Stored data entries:
(* Let $d\ge 3$ and let $A=\lambda B+(1-\lambda)B'$ with $0<\lambda<1$, where $B,B'$ are $d$-dimensional $(0,1)$-matrices of order $4$ each equivalent to $\mathcal{M}_4^d$. If the tessellation index of $A$ (with respect to $B,B'$) is $-\infty$, i.e. no filled subcube of $B$ intersects any filled subcube of $B'$, then $\operatorname{per}A>0$.
   Context: $\mathcal{M}_4^d$ has entry $1$ at $\alpha$ iff $\alpha_1+\dots+\alpha_d\equiv0\pmod 4$. Equivalence: permuting coordinate positions and/or applying a permutation of $\{0,1,2,3\}$ to a single coordinate, repeatedly. A diagonal is a set of $4$ indices any two of which differ in every coordinate; $\operatorname{per}A=\sum_p\prod_{\alpha\in p}a_\alpha$ over diagonals. Define $p_1,p_2,p_3:\{0,1,2,3\}\to\{0,1\}$ by $p_1(0)=p_1(1)=0,\ p_1(2)=p_1(3)=1$; $p_2(0)=p_2(2)=0,\ p_2(1)=p_2(3)=1$; $p_3(0)=p_3(3)=0,\ p_3(1)=p_3(2)=1$; and $\mu_1(0)=\mu_1(2)=0,\ \mu_1(1)=\mu_1(3)=1$; $\mu_2(0)=\mu_2(1)=0,\ \mu_2(2)=\mu_2(3)=1$; $\mu_3(0)=\mu_3(2)=0,\ \mu_3(1)=\mu_3(3)=1$. $Q_s^d=\{y\in\{0,1\}^d:w(y)\equiv s\pmod 2\}$ ($w$ = Hamming weight). For $\mathcal{E}\in\{1,2,3\}^d$, $s\in\{0,1\}$, $\lambda:Q_s^d\to\{0,1\}$, the block permutation with parameters $(\mathcal{E},\lambda,s)$ is the $(0,1)$-matrix with entry $1$ at $\alpha$ iff $\bigoplus_i p_{\varepsilon_i}(\alpha_i)=s$ and $\bigoplus_i\mu_{\varepsilon_i}(\alpha_i)\oplus\lambda(p_{\varepsilon_1}(\alpha_1),\dots,p_{\varepsilon_d}(\alpha_d))=0$. Every matrix equivalent to $\mathcal{M}_4^d$ ($d\ge3$) is a block permutation for a unique parameter triple; relative to these, its subcubes are $C_y=\{\alpha:p_{\varepsilon_i}(\alpha_i)=y_i\ \forall i\}$ and $C_y$ is filled if $w(y)\equiv s\pmod 2$. The intersection of a subcube of $B$ with a subcube of $B'$ is either empty or a product set of size $2^j$; the tessellation index of $\lambda B+(1-\lambda)B'$ is the maximum of such $j$ over pairs (filled subcube of $B$, filled subcube of $B'$) with nonempty intersection, and $-\infty$ if all such intersections are empty. *)

From HB Require Import structures.
From mathcomp Require Import all_boot all_order all_fingroup all_algebra.
Set Implicit Arguments. Unset Strict Implicit. Unset Printing Implicit Defensive.
Import Order.TTheory GRing.Theory Num.Theory.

What is expected
Lines from the one that contains "From HB Require Import structures." through the final line of the entries must be duplicated exactly, and no other lines.

Expected answer
From HB Require Import structures.
From mathcomp Require Import all_boot all_order all_fingroup all_algebra.
Set Implicit Arguments. Unset Strict Implicit. Unset Printing Implicit Defensive.
Import Order.TTheory GRing.Theory Num.Theory.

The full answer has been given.